(* For $h\ge3$ the determinants satisfy $D_h-D_{h-1}+2z^3D_{h-2}-z^6D_{h-3}=0$. Moreover, with $z^3=t(1-t)^2$ and $W=\sqrt{4t-3t^2}$, for all $h\ge0$, \[ D_h=A r_1^h+Br_2^h+Cr_3^h, \] where $r_1=(t-1)^2$, $r_2=\tfrac t2(2-t+W)$, $r_3=\tfrac t2(2-t-W)$ are the roots of $X^3-X^2+2z^3X-z^6=0$, and \[ A=\frac{t-1}{3t-1},\qquad B=\frac{3t^2-4t-W}{(3t-1)(3t-4)},\qquad C=\frac{3t^2-4t+W}{(3t-1)(3t-4)}. \] (The identity holds as an identity of formal series in $t^{1/2}$, with $W=2t^{1/2}(1-3t/4)^{1/2}$.)
   Context: For $h\ge1$, $D_h=D_h(z)$ is the determinant of the $h\times h$ matrix $T_h$ (rows/columns indexed $0,\dots,h-1$) with entries $(T_h)_{p,p}=1$, $(T_h)_{p,p+1}=-2z$, $(T_h)_{p,p+2}=z^2$, $(T_h)_{p+1,p}=-z^2$, and all other entries $0$; $D_0=1$. (So $D_1=1$, $D_2=1-2z^3$.) *)

From HB Require Import structures.
From mathcomp Require Import all_boot all_order all_algebra.
Set Implicit Arguments. Unset Strict Implicit. Unset Printing Implicit Defensive.
Import Order.TTheory GRing.Theory Num.Theory.
Local Open Scope ring_scope.

Definition Tmat (R : comPzRingType) (h : nat) (z : R) : 'M[R]_h :=
  \matrix_(p < h, q < h)
     if (q == p :> nat) then 1
     else if (q == p.+1 :> nat) then - (2%:R * z)
     else if (q == p.+2 :> nat) then z ^+ 2
     else if (p == q.+1 :> nat) then - (z ^+ 2)
     else 0.

(* D_h(z) = det T_h ; for h = 0 the empty determinant is 1, so D_0 = 1. *)
Definition D (R : comPzRingType) (h : nat) (z : R) : R := \det (Tmat h z).

From HB Require Import structures.
From mathcomp Require Import all_boot all_order all_algebra.
From mathcomp Require Import ring.
Set Implicit Arguments. Unset Strict Implicit. Unset Printing Implicit Defensive.
Import Order.TTheory GRing.Theory Num.Theory.
Local Open Scope ring_scope.

(* Recurrence: let E_h(a,b,c) be the determinant of T_h with its first row
   replaced by (a, b, c, 0, ..., 0).  Expanding along the first column, whose
   only nonzero entries are a and -z^2, gives
     E_{n+2}(a,b,c) = a D_{n+1} + z^2 E_{n+1}(b,c,0),
   and iterating three times from D_{n+3} = E_{n+3}(1,-2z,z^2) yields
     D_{n+3} = D_{n+2} - 2z^3 D_{n+1} + z^6 D_n.
   Closed form: a sequence satisfying an order-3 linear recurrence is fixed
   by its first three terms, and n |-> r^n solves the recurrence whenever r
   is a root of its characteristic polynomial.  So it suffices to check that
   r1, r2, r3 are roots of X^3 - X^2 + 2z^3 X - z^6 and that the proposed
   combination matches D_0 = 1, D_1 = 1, D_2 = 1 - 2z^3; these are rational
   identities in t and W, valid modulo z^3 = t(1-t)^2 and W^2 = 4t - 3t^2. *)

Section LinearRecurrence.
Variable R : comPzRingType.
Variables c1 c2 c3 : R.

Definition linrec3 (u : nat -> R) : Prop :=
  forall n, u n.+3 = c1 * u n.+2 + c2 * u n.+1 + c3 * u n.

Lemma linrec3_eq (u v : nat -> R) : linrec3 u -> linrec3 v ->
  u 0%N = v 0%N -> u 1%N = v 1%N -> u 2%N = v 2%N -> u =1 v.
Proof.
move=> recu recv e0 e1 e2.
suff window n : [/\ u n = v n, u n.+1 = v n.+1 & u n.+2 = v n.+2].
  by move=> n; case: (window n).
elim: n => [|n [en en1 en2]]; first by [].
by split=> //; rewrite recu recv en en1 en2.
Qed.

Lemma linrec3_geom (r : R) : r ^+ 3 = c1 * r ^+ 2 + c2 * r + c3 ->
  linrec3 (fun n => r ^+ n).
Proof.
move=> root n; rewrite -addn3 exprD root !exprS; ring.
Qed.

Lemma linrec3_add (u v : nat -> R) : linrec3 u -> linrec3 v ->
  linrec3 (fun n => u n + v n).
Proof. by move=> recu recv n; rewrite recu recv; ring. Qed.

Lemma linrec3_scale (a : R) (u : nat -> R) : linrec3 u ->
  linrec3 (fun n => a * u n).
Proof. by move=> recu n; rewrite recu; ring. Qed.

End LinearRecurrence.

Section Determinant.
Variable R : comPzRingType.
Variable z : R.

Definition Tfirst (h : nat) (a b c : R) : 'M[R]_h :=
  \matrix_(p < h, q < h)
    if (p == 0%N :> nat) then
      (if (q == 0%N :> nat) then a else if (q == 1%N :> nat) then b
       else if (q == 2%N :> nat) then c else 0)
    else Tmat h z p q.

Definition E (h : nat) (a b c : R) : R := \det (Tfirst h a b c).

Lemma D_E h : D h z = E h 1 (- (2%:R * z)) (z ^+ 2).
Proof.
rewrite /D /E; congr (\det _); apply/matrixP => i j; rewrite !mxE.
by case: (i : nat) => [|p] //=; case: (j : nat) => [|[|[|q]]].
Qed.

Lemma E1 a b c : E 1 a b c = a.
Proof. by rewrite /E det_mx11 mxE. Qed.

(* Expansion along the first column, whose nonzero entries are a and -z^2:
   the two minors are T_{n+1} and the matrix of E_{n+1}(b, c, 0). *)
Lemma E_expand n a b c : E n.+2 a b c = a * D n.+1 z + z ^+ 2 * E n.+1 b c 0.
Proof.
rewrite /E (expand_det_col _ ord0) big_ord_recl big_ord_recl big1; last first.
  by move=> i _; rewrite !mxE /= mul0r.
have minor0 : row' ord0 (col' ord0 (Tfirst n.+2 a b c)) = Tmat n.+1 z.
  by apply/matrixP => i j; rewrite !mxE /= /bump /= !add1n.
have minor1 : row' (lift ord0 ord0) (col' ord0 (Tfirst n.+2 a b c))
              = Tfirst n.+1 b c 0.
  apply/matrixP => i j; rewrite !mxE /= /bump /=.
  case: i => [[|i] Hi] /=; first by case: j => [[|[|[|j]]] Hj].
  by rewrite !add1n.
rewrite addr0 /cofactor minor0 minor1 !mxE /= /D; ring.
Qed.

Lemma D0 : D 0 z = 1.
Proof. exact: det_mx00. Qed.

Lemma D1 : D 1 z = 1.
Proof. by rewrite D_E E1. Qed.

Lemma D2 : D 2 z = 1 - 2%:R * z ^+ 3.
Proof. rewrite D_E E_expand E1 D1; ring. Qed.

Lemma E_diag n a : E n.+1 a 0 0 = a * D n z.
Proof.
elim: n a => [|n IH] a; first by rewrite E1 D0 mulr1.
by rewrite E_expand IH mul0r mulr0 addr0.
Qed.

Lemma D_linrec3 : linrec3 1 (- (2%:R * z ^+ 3)) (z ^+ 6) (fun n => D n z).
Proof. move=> n; rewrite [LHS]D_E !E_expand E_diag; ring. Qed.

End Determinant.

Lemma D_recurrence (R : comPzRingType) (z : R) (h : nat) : (3 <= h)%N ->
  D h z - D (h - 1)%N z + 2%:R * z ^+ 3 * D (h - 2)%N z
    - z ^+ 6 * D (h - 3)%N z = 0.
Proof.
case: h => [|[|[|n]]] // _; rewrite !subSS !subn0 D_linrec3; ring.
Qed.

Section ClosedForm.
Variable K : fieldType.
Variables z t W : K.
Hypothesis two_neq0 : 2%:R != 0 :> K.
Hypothesis z3E : z ^+ 3 = t * (1 - t) ^+ 2.
Hypothesis W2E : W ^+ 2 = 4%:R * t - 3%:R * t ^+ 2.
Hypothesis t1_neq0 : 3%:R * t - 1 != 0.
Hypothesis t4_neq0 : 3%:R * t - 4%:R != 0.

Let r1 := (t - 1) ^+ 2.
Let r2 := t / 2%:R * (2%:R - t + W).
Let r3 := t / 2%:R * (2%:R - t - W).
Let A := (t - 1) / (3%:R * t - 1).
Let B := (3%:R * t ^+ 2 - 4%:R * t - W) / ((3%:R * t - 1) * (3%:R * t - 4%:R)).
Let C := (3%:R * t ^+ 2 - 4%:R * t + W) / ((3%:R * t - 1) * (3%:R * t - 4%:R)).

Lemma z6E : z ^+ 6 = (t * (1 - t) ^+ 2) ^+ 2.
Proof. by rewrite -z3E -exprM. Qed.

Lemma char_roots r : r \in [:: r1; r2; r3] ->
  r ^+ 3 - r ^+ 2 + 2%:R * z ^+ 3 * r - z ^+ 6 = 0.
Proof.
rewrite !inE z6E z3E => /or3P[] /eqP ->; rewrite /r1 /r2 /r3.
- ring.
- by field: W2E.
- by field: W2E.
Qed.

Lemma root_linrec3 r : r \in [:: r1; r2; r3] ->
  linrec3 1 (- (2%:R * z ^+ 3)) (z ^+ 6) (fun n => r ^+ n).
Proof.
move=> /char_roots root; apply: linrec3_geom.
by apply/eqP; rewrite -subr_eq0 -root; apply/eqP; ring.
Qed.

Lemma D_closed_form h : D h z = A * r1 ^+ h + B * r2 ^+ h + C * r3 ^+ h.
Proof.
pose closed n := A * r1 ^+ n + B * r2 ^+ n + C * r3 ^+ n.
have closed_rec : linrec3 1 (- (2%:R * z ^+ 3)) (z ^+ 6) closed.
  have scaled_root r a : r \in [:: r1; r2; r3] ->
      linrec3 1 (- (2%:R * z ^+ 3)) (z ^+ 6) (fun n => a * r ^+ n).
    by move=> /root_linrec3; apply: linrec3_scale.
  by do ?apply: linrec3_add; apply: scaled_root; rewrite !inE eqxx ?orbT.
apply: (linrec3_eq (D_linrec3 z) closed_rec); rewrite /closed /A /B /C.
- by rewrite D0; field; rewrite t1_neq0 t4_neq0.
- by rewrite D1 /r1 /r2 /r3; field: W2E; rewrite two_neq0 t1_neq0 t4_neq0.
- by rewrite D2 z3E /r1 /r2 /r3; field: W2E; rewrite two_neq0 t1_neq0 t4_neq0.
Qed.

End ClosedForm.

Theorem mainTheorem3 :
  (* recurrence, as an identity valid for z in any commutative ring
     (in particular for the indeterminate z in Z[z]) *)
  (forall (R : comPzRingType) (z : R) (h : nat), (3 <= h)%N ->
     D h z - D (h - 1)%N z + 2%:R * z ^+ 3 * D (h - 2)%N z - z ^+ 6 * D (h - 3)%N z = 0)
  /\
  (* closed form, in any field of characteristic 0 containing z, t, W with
     z^3 = t(1-t)^2 and W^2 = 4t - 3t^2 (e.g. the field of formal Laurent
     series in which the paper's identity lives) *)
  (forall (K : fieldType) (z t W : K),
     [pchar K] =i pred0 ->
     z ^+ 3 = t * (1 - t) ^+ 2 ->
     W ^+ 2 = 4%:R * t - 3%:R * t ^+ 2 ->
     3%:R * t - 1 != 0 -> 3%:R * t - 4%:R != 0 ->
     let r1 := (t - 1) ^+ 2 in
     let r2 := t / 2%:R * (2%:R - t + W) in
     let r3 := t / 2%:R * (2%:R - t - W) in
     let A := (t - 1) / (3%:R * t - 1) in
     let B := (3%:R * t ^+ 2 - 4%:R * t - W) /
              ((3%:R * t - 1) * (3%:R * t - 4%:R)) in
     let C := (3%:R * t ^+ 2 - 4%:R * t + W) /
              ((3%:R * t - 1) * (3%:R * t - 4%:R)) in
     (forall r, r \in [:: r1; r2; r3] ->
        r ^+ 3 - r ^+ 2 + 2%:R * z ^+ 3 * r - z ^+ 6 = 0) /\
     (forall h : nat, D h z = A * r1 ^+ h + B * r2 ^+ h + C * r3 ^+ h)).
Proof.
split; first exact: D_recurrence.
move=> K z t W char0 z3E W2E t1_neq0 t4_neq0.
have two_neq0 : 2%:R != 0 :> K by rewrite (pcharf0P _).1.
split.
- exact: char_roots.
- exact: D_closed_form.
Qed.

****

» **DIRECTIONS**
Return exactly the lines above from the line that has "r1, r2, r3 are" through the line that has "Definition linrec3 (u", inclusive, and nothing else.

» **TASK RESPONSE**
   r1, r2, r3 are roots of X^3 - X^2 + 2z^3 X - z^6 and that the proposed
   combination matches D_0 = 1, D_1 = 1, D_2 = 1 - 2z^3; these are rational
   identities in t and W, valid modulo z^3 = t(1-t)^2 and W^2 = 4t - 3t^2. *)

Section LinearRecurrence.
Variable R : comPzRingType.
Variables c1 c2 c3 : R.

Definition linrec3 (u : nat -> R) : Prop :=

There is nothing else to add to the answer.